June 17, 2017
On Thursday, I had the good fortune to be approaching Carleton Place’s tiny Gillies Bridge just as a woman was coming towards me, pushing a huge cage on wheels. As she came closer, I saw a flash of intense aquamarine. Closer still, and I realized she was transporting a magnificent parrot, perhaps two feet high. I asked if I might look at him and she kindly stopped so I could do so. She told me his name was Cooper and that he lived at the parrot sanctuary on Industrial Avenue. She was taking him out for the fresh air and his daily dose of Vitamin D. Because Cooper was staring straight ahead, I was able to admire the strong curve of his gleaming dark-brown beak and round white eyes. He appeared very content to be out on his tour of the bridge across the turbulent river and around town.
Walking home, I found his image stayed with me: his proud bearing, his startling azure plumage, his incomparable selfhood; what Gerard Manley Hopkins would call his haecitas. “My heart in hiding/ Stirred for a bird — the achieve of, the mastery of the thing.” In The Windhover, Hopkins is spellbound by the flight of a falcon. Even though I had not seen Cooper in flight, my heart was likewise stirred by his presence.

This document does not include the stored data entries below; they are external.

(* Let $A=(i_1,\dots,i_a)$ be an ordered tuple of distinct elements of $I_d$, $\alpha\in\mathbb{Z}_2^{a,\mathrm{ev}}$, $r\ge0$, and put $\overrightarrow{A}=(i_a,i_1,\dots,i_{a-1})$, $\overrightarrow{\alpha}=(\alpha_a,\alpha_1,\dots,\alpha_{a-1})$. Then in $\mathcal{G}$, $$\overrightarrow{A}^{(r,\overrightarrow{\alpha})}=(-1)^{\alpha_a((a-1)(l-1)+r+1)}A^{(r,\alpha)}.$$
   Context: Fix a commutative ring $R$ and integers $l,d\ge1$; $I_a=\{1,\dots,a\}$. Let $\mathcal{G}$ be the $R$-superalgebra that is free as an $R$-module with basis $\{x_1^{m_1}\cdots x_d^{m_d}\,w\,c_1^{e_1}\cdots c_d^{e_d}: 0\le m_i\le l-1,\ w\in\Sigma_d,\ e_i\in\{0,1\}\}$, with multiplication determined by: the $x_i$ commute and $x_i^l=0$; $w\in\Sigma_d$ multiply as in the symmetric group (composition right to left); $c_i^2=1$, $c_ic_j=-c_jc_i$ for $i\ne j$; $wx_i=x_{w(i)}w$, $wc_i=c_{w(i)}w$; $x_ic_i=-c_ix_i$, $x_ic_j=c_jx_i$ for $i\ne j$. For an ordered tuple $A=(i_1,\dots,i_a)$ of distinct elements of $I_d$, $\sigma_A$ is the cycle $i_1\mapsto i_2\mapsto\dots\mapsto i_a\mapsto i_1$. For $\alpha\in\mathbb{Z}_2^a$: $|\alpha|=\sum_j\alpha_j$; $\mathbb{Z}_2^{a,\mathrm{ev}}$ is the set of $\alpha$ with $|\alpha|$ even; $c_\alpha(A)=c_{i_1}^{\alpha_1}\cdots c_{i_a}^{\alpha_a}$; $\epsilon^\alpha_j=\prod_{k<j}(-1)^{\alpha_k}$. For $r\ge0$, $\alpha\in\mathbb{Z}_2^{a,\mathrm{ev}}$: $h^\alpha_r(A)=\sum_{r_1+\dots+r_a=(a-1)(l-1)+r,\ r_j\ge0}\prod_j(\epsilon^\alpha_jx_{i_j})^{r_j}$ and $A^{(r,\alpha)}=h^\alpha_r(A)\sigma_Ac_\alpha(A)$. *)

From HB Require Import structures.
From mathcomp Require Import all_boot all_order all_algebra fingroup perm.
From mathcomp Require Import zify.
Set Implicit Arguments. Unset Strict Implicit. Unset Printing Implicit Defensive.
Import GRing.Theory.
Local Open Scope ring_scope.

(* Indices: I_d is represented by 'I_d (0-based); an ordered tuple
   A = (i_1,...,i_a) of distinct elements is an injective map 'I_a -> 'I_d. *)

Section Cycle.
Variables (d a : nat) (A : 'I_a -> 'I_d).

Definition cycle_fun (i : 'I_d) : 'I_d :=
  if [pick j | A j == i] is Some j then A (ordS j) else i.

Lemma cycle_fun_inj : injective A -> injective cycle_fun.
Proof.
move=> Ainj i1 i2; rewrite /cycle_fun.
case: pickP => [j1 /eqP Hj1|H1]; case: pickP => [j2 /eqP Hj2|H2].
- move/Ainj/ordS_inj => E'.
  by rewrite -Hj1 -Hj2 E'.
- move=> E; have := H2 (ordS j1); by rewrite -E eqxx.
- move=> E; have := H1 (ordS j2); by rewrite E eqxx.
- by [].
Qed.

End Cycle.

Section Algebra.
Variables (R : comPzRingType) (G : algType R) (d l : nat)
  (x : 'I_d -> G) (c : 'I_d -> G) (sg : {perm 'I_d} -> G).

(* The defining relations of the superalgebra G.  The symmetric group
   multiplies with composition right to left: (w w')(i) = w (w' i); in
   mathcomp, (w' * w)%g i = w (w' i). *)
Definition G_relations : Prop :=
  (forall i j, x i * x j = x j * x i) /\
      (forall i, x i ^+ l = 0) /\
      sg 1%g = 1 /\ (forall w w', sg w * sg w' = sg (w' * w)%g) /\
      (forall i, c i * c i = 1) /\
      (forall i j, i != j -> c i * c j = - (c j * c i)) /\
      (forall w i, sg w * x i = x (w i) * sg w) /\
      (forall w i, sg w * c i = c (w i) * sg w) /\
      (forall i j, x i * c j = if i == j then - (c j * x i) else c j * x i).

Definition basis_index := ({ffun 'I_d -> 'I_l} * {perm 'I_d} * {ffun 'I_d -> bool})%type.

Definition monomial (b : basis_index) : G :=
  let: (m, w, e) := b in
  (\prod_(i < d) x i ^+ m i) * sg w * (\prod_(i < d) c i ^+ e i).

Definition monomial_basis : Prop :=
  forall g : G, exists! coef : {ffun basis_index -> R},
    g = \sum_(b : basis_index) coef b *: monomial b.

Definition sigmaA a (A : 'I_a -> 'I_d) (HA : injective A) : {perm 'I_d} :=
  perm (cycle_fun_inj HA).

Definition c_alpha a (A : 'I_a -> 'I_d) (alpha : 'I_a -> bool) : G :=
  \prod_(j < a) c (A j) ^+ alpha j.

Definition eps_alpha a (alpha : 'I_a -> bool) (j : 'I_a) : G :=
  \prod_(k < a | (k < j)%N) (-1) ^+ alpha k.

Definition h_alpha a (A : 'I_a -> 'I_d) (alpha : 'I_a -> bool) (r : nat) : G :=
  let N := ((a.-1) * (l.-1) + r)%N in
  \sum_(rr : {ffun 'I_a -> 'I_N.+1} | (\sum_(j < a) rr j)%N == N)
     \prod_(j < a) (eps_alpha alpha j * x (A j)) ^+ rr j.

Definition A_r_alpha a (A : 'I_a -> 'I_d) (HA : injective A)
  (alpha : 'I_a -> bool) (r : nat) : G :=
  h_alpha A alpha r * sg (sigmaA HA) * c_alpha A alpha.

End Algebra.

Definition rot_right T a (f : 'I_a -> T) : 'I_a -> T := fun j => f (ord_pred j).

Lemma rot_right_inj T a (f : 'I_a -> T) : injective f -> injective (rot_right f).
Proof.
by move=> finj j1 j2 /finj/ord_pred_inj.
Qed.

From HB Require Import structures.
From mathcomp Require Import all_boot all_order all_algebra fingroup perm.
Set Implicit Arguments. Unset Strict Implicit. Unset Printing Implicit Defensive.
Import GRing.Theory.
Local Open Scope ring_scope.

(* Rotating the tuple does not change the cycle sigma_A.  In c_alpha(A) the
   factor c_{i_a}^{alpha_a} moves from the end to the front, past factors c_i
   with i <> i_a and total exponent |alpha| - alpha_a; as |alpha| is even this
   costs (-1)^{alpha_a}.  In h^alpha_r(A), rotating alpha shifts the parity of
   every epsilon^alpha_j by alpha_a (again because |alpha| is even), so each
   monomial of degree (a-1)(l-1)+r picks up (-1)^{alpha_a ((a-1)(l-1)+r)}. *)

Lemma ordS_max n : ordS (ord_max : 'I_n.+1) = ord0.
Proof. by apply: val_inj; rewrite /= modnn. Qed.

Lemma ordS_widen n (i : 'I_n) : ordS (widen_ord (leqnSn n) i) = lift ord0 i.
Proof. by apply: val_inj; rewrite /= modn_small // ltnS. Qed.

Lemma ord_pred0 n : ord_pred (ord0 : 'I_n.+1) = ord_max.
Proof. by rewrite -(ordS_max n) ordSK. Qed.

Lemma ord_pred_lift n (i : 'I_n) : ord_pred (lift ord0 i) = widen_ord (leqnSn n) i.
Proof. by rewrite -ordS_widen ordSK. Qed.

Lemma odd_prefix_sum_rot_right n (alpha : 'I_n.+1 -> bool) (k : 'I_n.+1) :
  ~~ odd (\sum_(j < n.+1) alpha j) ->
  odd (\sum_(m < n.+1 | (m < ordS k)%N) rot_right alpha m)
  = alpha ord_max (+) odd (\sum_(m < n.+1 | (m < k)%N) alpha m).
Proof.
rewrite big_ord_recr oddD oddb => Hev.
have [->|Hk] := eqVneq k ord_max.
  rewrite ordS_max big_pred0 //= big_mkcond big_ord_recr /= ltnn addn0.
  under eq_bigr => i _ do rewrite ltn_ord.
  by move: Hev; case: odd; case: (alpha ord_max).
have kn : (k < n)%N.
  by rewrite -ltnS ltn_neqAle ltn_ord andbT -(inj_eq val_inj) in Hk *.
have -> : k = widen_ord (leqnSn n) (Ordinal kn) by apply: val_inj.
rewrite ordS_widen big_mkcond big_ord_recl /= /rot_right ord_pred0.
rewrite [in RHS]big_mkcond big_ord_recr /= ltnNge (ltnW kn) addn0 oddD oddb.
congr (_ (+) odd _); apply: eq_bigr => i _.
by rewrite /bump /= !add1n ltnS ord_pred_lift.
Qed.

Lemma prod_ordS (R : pzSemiRingType) n (F : 'I_n.+1 -> R) :
  (forall i j, GRing.comm (F i) (F j)) ->
  \prod_(j < n.+1) F (ordS j) = \prod_(j < n.+1) F j.
Proof.
move=> Fcomm; rewrite big_ord_recr big_ord_recl /= ordS_max.
under eq_bigr do rewrite ordS_widen.
by apply/esym/commr_prod => i _; apply: Fcomm.
Qed.

Lemma prod_signM_expr (R : pzRingType) (I : Type) (s : seq I) (e : nat)
    (n : I -> nat) (z : I -> R) :
  \prod_(i <- s) ((-1) ^+ e * z i) ^+ n i
  = (-1) ^+ (e * \sum_(i <- s) n i) * \prod_(i <- s) z i ^+ n i.
Proof.
elim: s => [|i s IH]; first by rewrite !big_nil muln0 mulr1.
rewrite !big_cons IH exprMn_comm; last exact/esym/commr_sign.
rewrite mulnDr exprD -exprM -!mulrA; congr (_ * _).
by rewrite !mulrA (commr_sign (z i ^+ n i)).
Qed.

Section EpsAlpha.
Variables (R : comPzRingType) (G : algType R).

Lemma eps_alphaE n (alpha : 'I_n -> bool) (j : 'I_n) :
  eps_alpha G alpha j = (-1) ^+ (\sum_(k < n | (k < j)%N) alpha k).
Proof. exact: prodrXr. Qed.

Lemma eps_alpha_rot_right n (alpha : 'I_n.+1 -> bool) (k : 'I_n.+1) :
  ~~ odd (\sum_(j < n.+1) alpha j) ->
  eps_alpha G (rot_right alpha) (ordS k)
  = (-1) ^+ alpha ord_max * eps_alpha G alpha k.
Proof.
move=> Hev; rewrite !eps_alphaE -exprD -signr_odd -[RHS]signr_odd.
by rewrite odd_prefix_sum_rot_right // oddD oddb.
Qed.

End EpsAlpha.

Section GeneratorsX.
Variables (R : comPzRingType) (G : algType R) (d l : nat) (x : 'I_d -> G).
Hypothesis x_comm : forall i j, x i * x j = x j * x i.

Lemma comm_signed_x (s t m k : nat) (i j : 'I_d) :
  GRing.comm (((-1) ^+ s * x i) ^+ m) (((-1) ^+ t * x j) ^+ k).
Proof.
apply/commrX/esym/commrX/commrM; first exact: commr_sign.
apply/esym/commrM; [exact: commr_sign | exact: x_comm].
Qed.

Lemma h_term_rot_right n (A : 'I_n.+1 -> 'I_d) (alpha : 'I_n.+1 -> bool)
    (rr : 'I_n.+1 -> nat) :
  ~~ odd (\sum_(j < n.+1) alpha j) ->
  \prod_(j < n.+1)
     (eps_alpha G (rot_right alpha) j * x (rot_right A j)) ^+ rr (ord_pred j)
  = (-1) ^+ (alpha ord_max * \sum_(j < n.+1) rr j)
      * \prod_(j < n.+1) (eps_alpha G alpha j * x (A j)) ^+ rr j.
Proof.
move=> Hev; rewrite -prod_ordS => [|i j]; last first.
  by rewrite !eps_alphaE; apply: comm_signed_x.
under eq_bigr => j _ do
  rewrite /rot_right ordSK eps_alpha_rot_right // -mulrA.
by rewrite prod_signM_expr.
Qed.

Lemma h_alpha_rot_right n (A : 'I_n.+1 -> 'I_d) (alpha : 'I_n.+1 -> bool)
    (r : nat) :
  ~~ odd (\sum_(j < n.+1) alpha j) ->
  h_alpha l x (rot_right A) (rot_right alpha) r
  = (-1) ^+ (alpha ord_max * ((n.+1).-1 * l.-1 + r)) * h_alpha l x A alpha r.
Proof.
move=> Hev; rewrite /h_alpha; set N := ((n.+1).-1 * l.-1 + r)%N.
pose rot_ffun (rr : {ffun 'I_n.+1 -> 'I_N.+1}) := [ffun j => rr (ord_pred j)].
have rot_ffun_inj : injective rot_ffun.
  move=> r1 r2 /ffunP E; apply/ffunP => k.
  by have := E (ordS k); rewrite !ffunE ordSK.
have sum_rot_ffun rr :
    (\sum_(j < n.+1) rot_ffun rr j = \sum_(j < n.+1) rr j)%N.
  rewrite [RHS](reindex_inj (@ord_pred_inj n.+1)).
  by apply: eq_bigr => j _; rewrite ffunE.
rewrite (reindex_inj rot_ffun_inj) mulr_sumr; apply: eq_big => rr.
  by rewrite sum_rot_ffun.
rewrite sum_rot_ffun => /eqP sum_rr.
under eq_bigr => j _ do rewrite ffunE.
by rewrite (h_term_rot_right A (fun j => rr j) Hev) sum_rr.
Qed.

End GeneratorsX.

Section GeneratorsC.
Variables (R : comPzRingType) (G : algType R) (d : nat) (c : 'I_d -> G).
Hypothesis c_anticomm : forall i j, i != j -> c i * c j = - (c j * c i).

Lemma c_mul_prod_anticomm (I : Type) (s : seq I) (F : I -> 'I_d) (e : I -> bool)
    (k : 'I_d) :
  (forall i, F i != k) ->
  c k * \prod_(i <- s) c (F i) ^+ e i
  = (-1) ^+ (\sum_(i <- s) e i) * (\prod_(i <- s) c (F i) ^+ e i) * c k.
Proof.
move=> Fk; elim: s => [|i s IH]; first by rewrite !big_nil mulr1 !mul1r.
have c_swap : c k * c (F i) ^+ e i = (-1) ^+ e i * c (F i) ^+ e i * c k.
  case: (e i); last by rewrite mulr1 !mul1r.
  by rewrite !expr1 mulN1r mulNr c_anticomm // eq_sym.
rewrite !big_cons mulrA c_swap -!mulrA IH exprD !mulrA; congr (_ * _ * _).
by rewrite -!mulrA (commr_sign (c (F i) ^+ e i)).
Qed.

Lemma c_alpha_rot_right n (A : 'I_n.+1 -> 'I_d) (alpha : 'I_n.+1 -> bool) :
  injective A -> ~~ odd (\sum_(j < n.+1) alpha j) ->
  c_alpha c (rot_right A) (rot_right alpha)
  = (-1) ^+ alpha ord_max * c_alpha c A alpha.
Proof.
move=> A_inj Hev; rewrite /c_alpha /rot_right.
rewrite big_ord_recl [in RHS]big_ord_recr /= ord_pred0.
under eq_bigr do rewrite ord_pred_lift.
case alpha_max: (alpha ord_max) => /=; last by rewrite mulr1 !mul1r.
rewrite expr1 c_mul_prod_anticomm => [|i]; last first.
  by rewrite (inj_eq A_inj) -(inj_eq val_inj) /= neq_ltn ltn_ord.
rewrite -signr_odd; move: Hev; rewrite big_ord_recr alpha_max /= addn1 /=.
by rewrite negbK => ->; rewrite mulrA.
Qed.

End GeneratorsC.

Lemma sigmaA_rot_right d n (A : 'I_n -> 'I_d) (A_inj : injective A) :
  sigmaA (rot_right_inj A_inj) = sigmaA A_inj.
Proof.
apply/permP => i; rewrite !permE /cycle_fun /rot_right.
case: pickP => [j /eqP Aj | notA]; case: pickP => [k /eqP Ak | notA'].
- by rewrite ordSK -(A_inj _ _ (etrans Aj (esym Ak))) ord_predK.
- by have := notA' (ord_pred j); rewrite Aj eqxx.
- by have := notA (ordS k); rewrite ordSK Ak eqxx.
- by [].
Qed.

Theorem mainTheorem12 (R : comPzRingType) (G : algType R) (d l : nat)
    (x c : 'I_d -> G) (sg : {perm 'I_d} -> G)
    (Hd : (0 < d)%N) (Hl : (0 < l)%N)
    (Hrel : G_relations l x c sg) (Hbasis : monomial_basis l x c sg)
    (a : nat) (A : 'I_a.+1 -> 'I_d) (HA : injective A)
    (alpha : 'I_a.+1 -> bool) (Hev : ~~ odd (\sum_(j < a.+1) alpha j))
    (r : nat) :
  A_r_alpha l x c sg (rot_right_inj HA) (rot_right alpha) r
  = (-1) ^+ (alpha ord_max * ((a.+1).-1 * l.-1 + r + 1))
      * A_r_alpha l x c sg HA alpha r.
Proof.
have [x_comm [_ [_ [_ [_ [c_anticomm _]]]]]] := Hrel.
rewrite /A_r_alpha sigmaA_rot_right (c_alpha_rot_right c_anticomm HA Hev).
rewrite (h_alpha_rot_right l x_comm A r Hev).
rewrite [in RHS]mulnDr muln1 exprD -!mulrA; congr (_ * _).
rewrite (mulrA (sg _)) (commr_sign (sg _)) -mulrA mulrA.
by rewrite (commr_sign (h_alpha _ _ _ _ _)) -!mulrA.
Qed.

Since that encounter, I have found out more about Cooper, who is a blue and yellow macaw, and about Parrot Partner, the sanctuary where he stays. Parrot Partner is a registered charity dedicated to caring for rescued and relinquished parrots, and educating people who would like to adopt one. As the organization’s website explains, parrots can be hard to place because they are not domesticated. To develop a good relationship with wild birds like large parrots, people need proper training in their handling and care. Without this education, our attempts to train a parrot will fail dismally, with the bird going into either a fight or flight response, biting aggressively or plucking out its own feathers in self-harm.

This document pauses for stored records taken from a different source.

(* If $Z$ is an integer-valued random variable with finite variance $\sigma_Z^2$, then $$\sup_{n\in\mathbb Z}P(Z=n)\ge\frac{1}{6\sigma_Z+4}.$$ *)

From HB Require Import structures.
From mathcomp Require Import all_boot all_order all_algebra.
From mathcomp Require Import all_classical all_reals all_analysis.

From HB Require Import structures.
From mathcomp Require Import all_boot all_order all_algebra.
From mathcomp Require Import all_classical all_reals all_analysis.
From mathcomp Require Import lra zify.
Import Order.TTheory GRing.Theory Num.Theory.
Local Open Scope classical_set_scope.
Local Open Scope ring_scope.

(* Chebyshev's inequality with radius a = 2 sigma + 1/2 puts probability at
   least 3/4 on the open interval of radius a around the mean.  That interval
   contains at most 2a + 1 = 4 sigma + 2 integers, so one of them carries
   probability at least 3 / (16 sigma + 8) >= 1 / (6 sigma + 4). *)

Lemma set_seq_cons (T : eqType) (x : T) (s : seq T) :
  [set` x :: s] = [set x] `|` [set` s].
Proof.
apply/seteqP; split => y /=; rewrite inE.
- by move=> /orP[/eqP|]; [left|right].
- by move=> [->|->]; rewrite ?eqxx ?orbT.
Qed.

Lemma int_itv_cover {R : archiFieldType} (c a : R) : 0 <= a ->
  exists2 s : seq R, (size s)%:R <= 2 * a + 1 &
    forall n : int, c - a < n%:~R < c + a -> n%:~R \in s.
Proof.
move=> a0; set k := Num.floor (c - a) + 1; set f := Num.floor (2 * a).
have f0 : 0 <= f by rewrite floor_ge0; lra.
exists [seq (k + i%:Z)%:~R | i <- iota 0 `|f|.+1].
  rewrite size_map size_iota -addn1 natrD natr_absz ger0_norm //.
  by rewrite lerD2r floor_le.
move=> n /andP[lo hi]; apply/mapP.
have kn : k <= n by rewrite /k lezD1 floor_lt_int.
have nkf : n - k <= f.
  rewrite floor_ge_int intrB /k intrD.
  have := floorD1_gt (c - a); rewrite intrD; lra.
exists `|n - k|%N; last by rewrite abszE ger0_norm ?subr_ge0 // subrKC.
by rewrite mem_iota /=; lia.
Qed.

Lemma measurable_set_seq (R : realType) (s : seq R) : measurable [set` s].
Proof.
elim: s => [|x s IH]; first by rewrite set_nil.
by rewrite set_seq_cons; apply: measurableU => //; exact: measurable_set1.
Qed.

Section integer_valued_measurable_function.
Context {d} {T : measurableType d} {R : realType}.
Variables (mu : {measure set T -> \bar R}) (f : {mfun T >-> R}).
Hypothesis f_int : forall t, exists n : int, f t = n%:~R.

Definition int_atom_sup := ereal_sup [set mu (f @^-1` [set n%:~R]) | n in [set: int]].

Lemma atom_le_int_atom_sup x : (mu (f @^-1` [set x]) <= int_atom_sup)%E.
Proof.
have int_atom_le n : (mu (f @^-1` [set n%:~R]) <= int_atom_sup)%E.
  by apply: ereal_sup_ubound; exists n.
have [[n ->]|x_nonint] := pselect (exists n : int, x = n%:~R); first exact: int_atom_le.
suff -> : f @^-1` [set x] = set0 by rewrite measure0 (le_trans _ (int_atom_le 0)).
apply/seteqP; split => t //= ftx; apply: x_nonint.
by have [n fn] := f_int t; exists n; rewrite -ftx.
Qed.

Lemma measure_preimage_set_seq_le (r : R) (s : seq R) :
  (forall x, (mu (f @^-1` [set x]) <= r%:E)%E) ->
  (mu (f @^-1` [set` s]) <= ((size s)%:R * r)%:E)%E.
Proof.
move=> atom_le; elim: s => [|x s IH].
  by rewrite set_nil preimage_set0 measure0 mul0r.
rewrite set_seq_cons preimage_setU.
apply: le_trans (measureU2 _ _ _) _.
- by apply: measurable_funPTI; exact: measurable_set1.
- by apply: measurable_funPTI; exact: measurable_set_seq.
by rewrite /= -addn1 natrD mulrDl mul1r EFinD addeC leeD.
Qed.

Lemma measure_preimage_itv_le (r c a : R) : 0 <= a -> 0 <= r ->
  (forall x, (mu (f @^-1` [set x]) <= r%:E)%E) ->
  (mu (f @^-1` `](c - a)%R, (c + a)%R[) <= ((2 * a + 1) * r)%:E)%E.
Proof.
move=> a0 r0 atom_le; have [s size_s cover] := int_itv_cover c _ a0.
apply: (@le_trans _ _ (mu (f @^-1` [set` s]))).
  apply: le_measure; rewrite ?inE.
  - by apply: measurable_funPTI; exact: measurable_itv.
  - by apply: measurable_funPTI; exact: measurable_set_seq.
  by move=> t /=; rewrite in_itv /=; have [n ->] := f_int t; exact: cover.
apply: le_trans (measure_preimage_set_seq_le r s atom_le) _.
by rewrite lee_fin ler_wpM2r.
Qed.

End integer_valued_measurable_function.

Section probability.
Context {d} {T : measurableType d} {R : realType} {P : probability T R}.

Lemma int_atom_sup_fin_num (X : {RV P >-> R}) : int_atom_sup P X \is a fin_num.
Proof.
rewrite ge0_fin_numE.
  apply: le_lt_trans (ltey 1); apply: ge_ereal_sup => _ [n _ <-].
  by apply: probability_le1; apply: measurable_funPTI; exact: measurable_set1.
apply: (le_trans (measure_ge0 P (X @^-1` [set 0%:~R]))).
by apply: ereal_sup_ubound; exists 0.
Qed.

Lemma probability_near_mean_ge (X : {RV P >-> R}) (a : R) :
  0 < a -> (X : T -> R) \in Lfun P 2%:E ->
  ((1 - a ^- 2 * fine 'V_P[X])%:E <=
    P (X @^-1` `](fine 'E_P[X] - a)%R, (fine 'E_P[X] + a)%R[))%E.
Proof.
move=> a0 X2; set mu := fine 'E_P[X]; set C := X @^-1` _.
have mC : measurable C by apply: measurable_funPTI; exact: measurable_itv.
have CC : ~` C = [set x | a <= `|X x - mu|].
  apply/seteqP; split => x /=; rewrite /C /= in_itv /=.
    by move/negP; rewrite -ltr_distlC leNgt distrC.
  by rewrite leNgt distrC ltr_distlC => /negP.
have PCfin : P C \is a fin_num.
  by rewrite ge0_fin_numE // (le_lt_trans (probability_le1 P mC)) ?ltey.
have := chebyshev X a0.
rewrite -CC probability_setC // -(fineK PCfin) -(fineK (variance_fin_num X2)).
by rewrite -EFinB -EFinM !lee_fin lerBlDr addrC -lerBlDr.
Qed.

End probability.

Theorem lemma5p6 (d : measure_display) (T : measurableType d) (R : realType)
    (P : probability T R) (Z : {RV P >-> R})
    (Zint : forall t, exists n : int, Z t = n%:~R)
    (Z2 : (Z : T -> R) \in Lfun P 2%:E) :
  (((6 * Num.sqrt (fine ('V_P[Z])) + 4)^-1)%:E <=
    ereal_sup [set P (Z @^-1` [set (n%:~R : R)]) | n in [set: int]])%E.
Proof.
have := atom_le_int_atom_sup P Z Zint.
rewrite -[ereal_sup _]/(int_atom_sup P Z) -(fineK (int_atom_sup_fin_num Z)).
set r := fine _ => atom_le.
have r0 : 0 <= r by rewrite -lee_fin (le_trans _ (atom_le 0)).
set v := fine 'V_P[Z]; set s := Num.sqrt v; set a := 2 * s + 2^-1.
have s0 : 0 <= s := sqrtr_ge0 v.
have v0 : 0 <= v by apply: fine_ge0; exact: variance_ge0.
have a0 : 0 < a by rewrite /a; lra.
have chebyshev_bound : a ^- 2 * v <= 4^-1.
  rewrite -(sqr_sqrtr v0) -/s mulrC ler_pdivrMr ?exprn_gt0 // /a; nra.
have := le_trans (probability_near_mean_ge _ _ a0 Z2)
  (measure_preimage_itv_le P Z Zint _ _ _ (ltW a0) r0 atom_le).
rewrite -/v lee_fin => near_mean_le.
rewrite lee_fin -[_^-1]mulr1 ler_pdivrMl; last by lra.
have sr0 : 0 <= s * r := mulr_ge0 s0 r0.
rewrite /a in near_mean_le; lra.
Qed.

At Cooper’s sanctuary, people are taught how to be a partner with the bird they wish to adopt, which means resisting all urges to dominate the parrot. “We are indoctrinated in coercion and force in our society,” Parrot Partner’s executive director Judy Tennant says in one of the illuminating videos on the organization’s website. “A good relationship with a parrot requires thoughtfulness and sensitivity, as well as training. It forces us to be a better person.”
This is a precept the young animal rights activists in my latest novel would embrace wholeheartedly, just as I do. On Saturday, I was lucky to see Judy Tennant again, this time at the corner of Bridge and Bell Streets, where she was wheeling a scarlet and yellow macaw. Because she was talking with a friend, I did not learn this parrot’s name; only that he could speak two words: “up” and “down.” While I admired him, he said “up, up, up.” “Don’t put your finger in the cage,” Judy warned me. Of course, I wouldn’t dream of it, particularly after having read so recently Charles Foster’s marvelous Being a Beast: Adventures across the Species Divide, of which more anon.